My knowledge of decompilers has deteriorated a lot in the last 25 years, but
I'm fairly sure this is a "standard problem" solved by some variant of type
inference or some other form of dynamic code analysis. I think there are
similar issues with byte-code-to-native compilers. I'm not saying it's easy,
just that there is literature in the compiler community that addresses similar problems.

>You can use some reasonable heuristics. For example, if local variable
>1 is immediately printed, it's a very good bet that $4A8E is a string
>address. If there *is* a string with address $4A8E, then again it's a
>fair bet. But none of these heuristics is perfectly reliable, so any
>true disassembling effort will require some going-over with human eyes.

IIRC the above-mentioned amount to formalizing these kind of heuristics and
verifying that the code really does treat the value that way.

>(If that problem seems easy, then consider property identifiers.

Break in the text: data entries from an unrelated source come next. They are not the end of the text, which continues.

(* Let $H$ be an $n\times n$ Hermitian matrix, $\hbar>0$, $\psi_0\in\mathbb C^n$ with $\|\psi_0\|=1$, $\rho_0=\psi_0\psi_0^\dagger$, and $\kappa(t)$ an arbitrary smooth curve of skew-Hermitian matrices. Let $U(t)\in\mathcal U(n)$ solve $\dot U=U\xi_H$ with $$\xi_H=-i\hbar^{-1}H_H+\{\mathbf 1-2\rho_0,\kappa\},\qquad H_H:=U^\dagger HU .$$ Then (i) $[\,i\hbar\xi_H-H_H,\rho_0]=0$; (ii) $\dot H_H=[H_H,\{\mathbf 1-2\rho_0,\kappa\}]$, and the energy is conserved: $\mathrm{Tr}(\rho_0\dot H_H)=0$; (iii) $\psi(t)=U(t)\psi_0$ satisfies $i\hbar\dot\psi=H\psi+\alpha\psi$ with the real function $\alpha=-2i\hbar\,\psi_0^\dagger\kappa\psi_0$.
   Context: $\{A,B\}=AB+BA$, $[A,B]=AB-BA$, $\mathbf 1$ is the identity matrix. *)

From Stdlib Require Import Reals.
Open Scope R_scope.

Record C := mkC { Re : R ; Im : R }.
Definition C0 : C := mkC 0 0.
Definition C1 : C := mkC 1 0.
Definition Ci : C := mkC 0 1.
Definition RtoC (x : R) : C := mkC x 0.
Definition Cadd (z w : C) : C := mkC (Re z + Re w) (Im z + Im w).
Definition Copp (z : C) : C := mkC (- Re z) (- Im z).
Definition Csub (z w : C) : C := Cadd z (Copp w).
Definition Cmul (z w : C) : C :=
  mkC (Re z * Re w - Im z * Im w) (Re z * Im w + Im z * Re w).
Definition Cconj (z : C) : C := mkC (Re z) (- Im z).

Fixpoint csum (n : nat) (f : nat -> C) : C :=
  match n with O => C0 | S k => Cadd (csum k f) (f k) end.

(* ---------- matrices and vectors (only indices < n are meaningful) ---------- *)
Definition Mat := nat -> nat -> C.
Definition Vec := nat -> C.

Definition mid : Mat := fun i j => if Nat.eqb i j then C1 else C0.
Definition mzero : Mat := fun _ _ => C0.
Definition madd (A B : Mat) : Mat := fun i j => Cadd (A i j) (B i j).
Definition msub (A B : Mat) : Mat := fun i j => Csub (A i j) (B i j).
Definition mscal (c : C) (A : Mat) : Mat := fun i j => Cmul c (A i j).
Definition mmul (n : nat) (A B : Mat) : Mat :=
  fun i j => csum n (fun k => Cmul (A i k) (B k j)).
Definition adj (A : Mat) : Mat := fun i j => Cconj (A j i).
Definition mtrace (n : nat) (A : Mat) : C := csum n (fun i => A i i).
Definition comm (n : nat) (A B : Mat) : Mat := msub (mmul n A B) (mmul n B A).
Definition acomm (n : nat) (A B : Mat) : Mat := madd (mmul n A B) (mmul n B A).
(* The side conditions of the chain rule for [Lic] and the domain conditions
   of [auto_derive] are left as goals, for [side_Li]. *)
Ltac derive_Li :=
  lazymatch goal with
  | |- is_derive (fun t => @?f t + @?g t) _ _ => eapply (is_derive_Rplus f g); derive_Li
  | |- is_derive (fun t => @?f t - @?g t) _ _ => eapply (is_derive_Rminus f g); derive_Li
  | |- is_derive (fun t => @?f t * @?g t) _ _ => eapply (is_derive_Rmult f g); derive_Li
  | |- is_derive (fun t => Lic (S ?k) (@?g t)) ?x _ =>
      eapply (is_derive_Lic_comp k g x); [auto_derive; [..|reflexivity] | |]
  | |- is_derive _ _ _ => auto_derive; [..|reflexivity]
  end; try exact I.

Ltac continuity_Li :=
  lazymatch goal with
  | |- continuity_pt (fun t => @?f t + @?g t) _ =>
      apply (continuity_pt_plus f g); continuity_Li
  | |- continuity_pt (fun t => @?f t - @?g t) _ =>
      apply (continuity_pt_minus f g); continuity_Li
  | |- continuity_pt (fun t => @?f t * @?g t) _ =>
      apply (continuity_pt_mult f g); continuity_Li
  | |- continuity_pt (fun t => Lic ?k (@?g t)) ?x =>
      apply (continuity_pt_Lic_comp k g x); [lia | auto_derive]
  | |- continuity_pt _ _ => apply continuity_pt_ex_derive; auto_derive
  end; try exact I.

Ltac bound_Li :=
  try rewrite Rabs_Ropp;
  first
    [ apply Rabs_div_lt_1 | apply Rabs_inv_lt_1
    | apply Rabs_div_le_1; [nra|] | apply Rabs_inv_le_1 | idtac ];
  unfold Rabs; repeat destruct Rcase_abs; nra.
(* Let $\{M_p\mid p\in P\}$ be a Morse decomposition of a multivector field on a finite simplicial complex $K$, and let $\sigma_1,\dots,\sigma_n$ and $\sigma'_1,\dots,\sigma'_n$ be two Morse fixed admissible enumerations of $K$, with filtered boundary matrices $A$ and $A'$. Let $S$ and $S'$ be the connection matrices output by ConMat on $A$ and $A'$ respectively. Then $S[i,j]=S'[i',j']$ whenever $i,j$ index rows/columns of $S$ and $\sigma'_{i'}=\sigma_i$, $\sigma'_{j'}=\sigma_j$ (in which case $i',j'$ index rows/columns of $S'$).
   Context: $K$ is a finite simplicial complex ($\tau\le\sigma$: $\tau$ is a face of $\sigma$; $\mathrm{cl}(\sigma)=\{\tau:\tau\le\sigma\}$). A multivector field $\mathcal V$ on $K$ is a partition of $K$ into convex sets $V$ (if $\sigma,\tau\in V$ and $\sigma\le\mu\le\tau$ then $\mu\in V$); $[\sigma]_{\mathcal V}$ is the part containing $\sigma$, $F_{\mathcal V}(\sigma)=[\sigma]_{\mathcal V}\cup\mathrm{cl}(\sigma)$, and a path is a sequence $\sigma_1,\dots,\sigma_r$ with $\sigma_k\in F_{\mathcal V}(\sigma_{k-1})$. A Morse decomposition indexed by a finite poset $(P,\le_P)$ is a partition $K=\bigsqcup_{p\in P}M_p$ such that every path from $M_p$ to $M_q$ has $q\le_P p$; $[\sigma]_P$ is the $p$ with $\sigma\in M_p$. An admissible enumeration is $\sigma_1,\dots,\sigma_n$ of all simplices of $K$ such that (a) for some linear extension $\le_{lin}$ of $\le_P$, $i\le j\Rightarrow[\sigma_i]_P\le_{lin}[\sigma_j]_P$; (b) if $\sigma_i$ is a proper face of $\sigma_j$ then $i<j$. Two admissible enumerations are Morse fixed if for every $p$ they induce the same order on $M_p$. The filtered boundary matrix is the $n\times n$ $\mathbb Z_2$-matrix with entry $(i,j)$ equal to $1$ iff $\sigma_i$ is a codimension-one face of $\sigma_j$; row/column $i$ represents $\sigma_i$. For a nonzero column $j$ of a matrix $B$, $\mathrm{low}_B(j)$ is the largest $i$ with $B[i,j]=1$. Column (and row) $j$ is homogeneous if nonzero and $\sigma_j$, $\sigma_{\mathrm{low}_B(j)}$ are in the same Morse set; then index $\mathrm{low}_B(j)$ is targetable. $J_h(B)$, $J_t(B)$: sets of homogeneous, targetable indices. Algorithm ConMat on $A$ (in place): for $j=1,\dots,n$: for $i=\mathrm{low}_A(j)$ down to $1$: if $A[i,j]=1$ and some column $s<j$ of the current matrix is homogeneous with $\mathrm{low}_A(s)=i$, add column $s$ to column $j$ (mod 2). With $A_{out}$ the result, let $J=\{1,\dots,n\}\setminus J_h(A_{out})\setminus J_t(A_{out})$; the output $S$ is the submatrix of $A_{out}$ on rows and columns in $J$. *)

From HB Require Import structures.
From mathcomp Require Import all_boot all_order all_algebra.
Set Implicit Arguments. Unset Strict Implicit. Unset Printing Implicit Defensive.
Import Order.TTheory GRing.Theory.

Section Defs.
Variable V : finType.

Definition simplicial_complex (K : {set {set V}}) : Prop :=
  set0 \notin K /\
  forall s t : {set V}, s \in K -> t \subset s -> t != set0 -> t \in K.

Definition cl (K : {set {set V}}) (s : {set V}) : {set {set V}} :=
  [set t in K | t \subset s].

Definition convex (X : {set {set V}}) : Prop :=
  forall s t mu : {set V}, s \in X -> t \in X -> s \subset mu -> mu \subset t ->
    mu \in X.

Definition multivector_field (K : {set {set V}}) (MV : {set {set {set V}}}) : Prop :=
  partition MV K /\ forall X, X \in MV -> convex X.

Definition Fmv (K : {set {set V}}) (MV : {set {set {set V}}}) (s : {set V}) :=
  pblock MV s :|: cl K s.

Definition mv_path (K : {set {set V}}) (MV : {set {set {set V}}})
  (x0 : {set V}) (p : seq {set V}) : bool :=
  path (fun a b => b \in Fmv K MV a) x0 p.

(* Morse decomposition indexed by the finite poset P: the map m assigns to
   each simplex of K the index of its Morse set, M_p = [set s in K | m s == p]. *)
Definition morse_decomposition (d : Order.disp_t) (P : finPOrderType d)
  (K : {set {set V}}) (MV : {set {set {set V}}}) (m : {set V} -> P) : Prop :=
  forall (x0 : {set V}) (p : seq {set V}),
    x0 \in K -> mv_path K MV x0 p -> (m (last x0 p) <= m x0)%O.

(* An enumeration sigma_1..sigma_n (0-based here) of all simplices of K. *)
Definition enumeration (K : {set {set V}}) (n : nat) (sig : 'I_n -> {set V}) : Prop :=
  injective sig /\ [set sig i | i : 'I_n] = K.

Definition linear_extension (d : Order.disp_t) (P : finPOrderType d) (lin : rel P) : Prop :=
  reflexive lin /\ antisymmetric lin /\ transitive lin /\ total lin /\
  forall p q : P, (p <= q)%O -> lin p q.

Definition admissible (d : Order.disp_t) (P : finPOrderType d) (m : {set V} -> P)
  (n : nat) (sig : 'I_n -> {set V}) : Prop :=
  (exists lin : rel P, linear_extension lin /\
     forall i j : 'I_n, (i <= j)%N -> lin (m (sig i)) (m (sig j))) /\
  (forall i j : 'I_n, sig i \proper sig j -> (i < j)%N).

(* Same order induced on each Morse set. *)
Definition morse_fixed (d : Order.disp_t) (P : finPOrderType d) (m : {set V} -> P)
  (n : nat) (sig sig' : 'I_n -> {set V}) : Prop :=
  forall i j i' j' : 'I_n, sig' i' = sig i -> sig' j' = sig j ->
    m (sig i) = m (sig j) -> (i < j)%N = (i' < j')%N.

Definition bdmx (n : nat) (sig : 'I_n -> {set V}) : 'M['F_2]_n :=
  \matrix_(i, j) (if (sig i \subset sig j) && (#|sig j| == #|sig i|.+1)
                  then 1%R else 0%R).

Definition low (n : nat) (B : 'M['F_2]_n) (j : 'I_n) : option 'I_n :=
  [pick i | (B i j != 0%R) && [forall k : 'I_n, (B k j != 0%R) ==> (k <= i)%N]].

Definition homogeneous (d : Order.disp_t) (P : finPOrderType d) (m : {set V} -> P)
  (n : nat) (sig : 'I_n -> {set V}) (B : 'M['F_2]_n) (j : 'I_n) : bool :=
  if low B j is Some i then m (sig i) == m (sig j) else false.

Definition targetable (d : Order.disp_t) (P : finPOrderType d) (m : {set V} -> P)
  (n : nat) (sig : 'I_n -> {set V}) (B : 'M['F_2]_n) (k : 'I_n) : bool :=
  [exists j : 'I_n, homogeneous m sig B j && (low B j == Some k)].

Definition addcol (n : nat) (B : 'M['F_2]_n) (s j : 'I_n) : 'M['F_2]_n :=
  \matrix_(a, b) (if b == j then (B a j + B a s)%R else B a b).

Definition conmat_step (d : Order.disp_t) (P : finPOrderType d) (m : {set V} -> P)
  (n : nat) (sig : 'I_n -> {set V}) (j : 'I_n) (B : 'M['F_2]_n) (i : 'I_n) :
  'M['F_2]_n :=
  if B i j != 0%R then
    match [pick s : 'I_n | [&& (s < j)%N, homogeneous m sig B s & low B s == Some i]] with
    | Some s => addcol B s j
    | None => B
    end
  else B.

Definition conmat_col (d : Order.disp_t) (P : finPOrderType d) (m : {set V} -> P)
  (n : nat) (sig : 'I_n -> {set V}) (B : 'M['F_2]_n) (j : 'I_n) : 'M['F_2]_n :=
  match low B j with
  | None => B
  | Some l => foldl (conmat_step m sig j) B [seq i <- rev (enum (ordinal n)) | (nat_of_ord i <= nat_of_ord l)%N]
  end.

Definition ConMatOut (d : Order.disp_t) (P : finPOrderType d) (m : {set V} -> P)
  (n : nat) (sig : 'I_n -> {set V}) (A : 'M['F_2]_n) : 'M['F_2]_n :=
  foldl (conmat_col m sig) A (enum 'I_n).

Definition ConMatJ (d : Order.disp_t) (P : finPOrderType d) (m : {set V} -> P)
  (n : nat) (sig : 'I_n -> {set V}) (A : 'M['F_2]_n) : {set 'I_n} :=
  let B := ConMatOut m sig A in
  [set k : 'I_n | ~~ homogeneous m sig B k && ~~ targetable m sig B k].

Definition ConMatS (d : Order.disp_t) (P : finPOrderType d) (m : {set V} -> P)
  (n : nat) (sig : 'I_n -> {set V}) (A : 'M['F_2]_n) :
  'M['F_2]_#|ConMatJ m sig A| :=
  \matrix_(a, b) ConMatOut m sig A (enum_val a) (enum_val b).

End Defs.

From HB Require Import structures.
From mathcomp Require Import all_boot all_order all_algebra fingroup perm.
Set Implicit Arguments. Unset Strict Implicit. Unset Printing Implicit Defensive.
Import Order.TTheory GRing.Theory.
Local Open Scope ring_scope.

(* ConMat's output C is characterized by three properties: every nonzero entry
   C[a,b] has [sigma_a]_P <= [sigma_b]_P; each column j is column j of A plus a
   combination of "eligible" columns s < j of C (homogeneous, with
   [sigma_s]_P <= [sigma_j]_P); and column j vanishes on the pivot rows of its
   eligible columns.  Eligible columns have pairwise distinct pivots, so looking
   at the largest pivot occurring in a difference of two such combinations shows
   that these properties determine C column by column.
   For Morse fixed admissible enumerations, sigma'_a = sigma_(s a) for a
   permutation s that preserves the order of a and b whenever
   [sigma'_a]_P <= [sigma'_b]_P (by Morse fixedness when the Morse sets agree, by
   admissibility otherwise).  Such an s carries the characterization for sigma to
   the one for sigma', so A'_out is A_out relabelled by s; homogeneity and
   targetability are relabelled as well, hence so are J and S. *)


Lemma F2_neq0 (x : 'F_2) : x != 0 -> x = 1.
Proof. by case: x => [[|[|]]] // ? ?; apply/val_inj. Qed.

Lemma F2_add11 : 1 + 1 = 0 :> 'F_2.
Proof. by apply/val_inj. Qed.

Section Pivots.
Variable n : nat.
Implicit Types (B C : 'M['F_2]_n) (i j k : 'I_n).

Lemma lowP B j i :
  reflect (B i j != 0 /\ forall k, B k j != 0 -> (k <= i)%N) (low B j == Some i).
Proof.
rewrite /low; case: pickP => [i0 /andP[nz0 /forallP max0]|none].
  apply: (iffP eqP) => [[<-]|[nz maxi]].
    by split=> // k; apply/implyP; apply: max0.
  by congr Some; apply/val_inj/eqP; rewrite eqn_leq maxi // (implyP (max0 i)).
apply: (iffP idP) => // -[nz maxi].
have : [forall k, (B k j != 0) ==> (k <= i)%N].
  by apply/forallP => k; apply/implyP; apply: maxi.
by move: (none i) => /=; rewrite nz /= => ->.
Qed.

Lemma low_ext B B' j j' : (forall a, B a j = B' a j') -> low B j = low B' j'.
Proof.
move=> eq_col; apply: eq_pick => i /=; rewrite eq_col; congr andb.
by apply: eq_forallb => k; rewrite eq_col.
Qed.

Lemma low_None B j : low B j = None -> forall k, B k j = 0.
Proof.
move=> lowj k; apply/eqP/negPn/negP => nzk.
have [i nzi maxi] := @arg_maxnP _ k (fun i => B i j != 0) val nzk.
by have /lowP := conj nzi maxi; rewrite lowj.
Qed.

Lemma comb_pivots_eq0 C (z : 'I_n -> 'F_2) :
  (forall s, z s != 0 -> low C s != None) ->
  {in [pred s | z s != 0] &, injective (low C)} ->
  (forall s i, z s != 0 -> low C s = Some i -> \sum_t z t * C i t = 0) ->
  forall s, z s = 0.
Proof.
move=> has_low low_inj vanish s0; apply/eqP/negPn/negP => nz0.
(* [s1]: the support column with the largest pivot; no other support column is
   nonzero in its pivot row. *)
have [s1 nz1 max1] :=
  @arg_maxnP _ s0 (fun s => z s != 0) (fun s => val (odflt s (low C s))) nz0.
case E1: (low C s1) (has_low s1 nz1) => [i1|//] _.
have /eqP/lowP[nzC1 _] := E1.
have := vanish s1 i1 nz1 E1; rewrite (bigD1 s1) //= big1 ?addr0 => [/eqP|t ts1].
  by rewrite mulf_eq0 (negbTE nz1) (negbTE nzC1).
have [->|nzt] := eqVneq (z t) 0; first by rewrite mul0r.
have [->|nzCt] := eqVneq (C i1 t) 0; first by rewrite mulr0.
case Et: (low C t) (has_low t nzt) => [it|//] _.
have /eqP/lowP[_ maxt] := Et.
have := max1 t nzt; rewrite Et E1 /= => le_it.
have it_i1 : it = i1 by apply/val_inj/eqP; rewrite eqn_leq le_it maxt.
by case/eqP: ts1; apply: low_inj; rewrite ?inE // Et E1 it_i1.
Qed.

End Pivots.

Section Reduction.
Variables (V : finType) (d : Order.disp_t) (P : finPOrderType d) (m : {set V} -> P).
Variables (n : nat) (sig : 'I_n -> {set V}).
Implicit Types (A B C : 'M['F_2]_n) (a b i j s t : 'I_n).

Definition respects_morse B := forall a b, B a b != 0 -> (m (sig a) <= m (sig b))%O.

Definition eligible B j s :=
  [&& (s < j)%N, homogeneous m sig B s & (m (sig s) <= m (sig j))%O].

Definition is_reduction A C :=
  [/\ respects_morse C,
      forall j, exists2 x : 'I_n -> 'F_2, (forall s, x s != 0 -> eligible C j s) &
        forall a, C a j = A a j + \sum_s x s * C a s
    & forall j s i, eligible C j s -> low C s = Some i -> C i j = 0].

Lemma homogeneousP B j :
  reflect (exists2 i, low B j = Some i & m (sig i) = m (sig j))
          (homogeneous m sig B j).
Proof.
rewrite /homogeneous; case: (low B j) => [i|]; last by constructor=> -[].
by apply: (iffP eqP) => [|[_ [<-]]]; first exists i.
Qed.

Lemma homogeneous_pivot B j i :
  homogeneous m sig B j -> low B j = Some i -> m (sig i) = m (sig j).
Proof. by case/homogeneousP=> i' -> + [<-]. Qed.

Lemma homogeneous_ext B B' j :
  (forall a, B a j = B' a j) -> homogeneous m sig B j = homogeneous m sig B' j.
Proof. by move=> eq_col; rewrite /homogeneous (low_ext eq_col). Qed.

Lemma eligible_ext B B' j s :
  (forall a, B a s = B' a s) -> eligible B j s = eligible B' j s.
Proof. by move=> eq_col; rewrite /eligible (homogeneous_ext eq_col). Qed.

Lemma eligible_pivot_inj A C j :
  is_reduction A C -> {in eligible C j &, injective (low C)}.
Proof.
case=> _ _ vanish s t /and3P[_ /homogeneousP[i ls ms] _].
move=> /and3P[_ /homogeneousP[i' lt mt] _]; rewrite ls lt => -[ii']; subst i'.
have no_lt u v : low C u = Some i -> low C v = Some i ->
    m (sig i) = m (sig u) -> m (sig i) = m (sig v) -> ~~ (u < v)%N.
  move=> lu lv mu mv; apply/negP => uv.
  have elig : eligible C v u.
    by rewrite /eligible uv -mu -mv lexx andbT; apply/homogeneousP; exists i.
  by have /eqP/lowP[] := lv; rewrite (vanish v u i elig lu) eqxx.
case: (ltngtP s t) => [st|ts|/val_inj //].
  by case/negP: (no_lt s t ls lt ms mt).
by case/negP: (no_lt t s lt ls mt ms).
Qed.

These
>have the same difficulty, but they're small numbers like 4 or 7, which
>-- unlike $4A8E -- are as likely to be *intended* as numbers as they
>are to be property ids.)

The interesting trick is if some clever compiler treats them as property
identifiers in one place and simple integers in another. I have vague
memories of some peephole optimizers generating such multi-use situations.
--
"Yo' ideas need to be thinked befo' they are say'd" - Ian Lamb, age 3.5
http://www.cs.queensu.ca/~dalamb/ qucis->cs to reply (it's a long story...)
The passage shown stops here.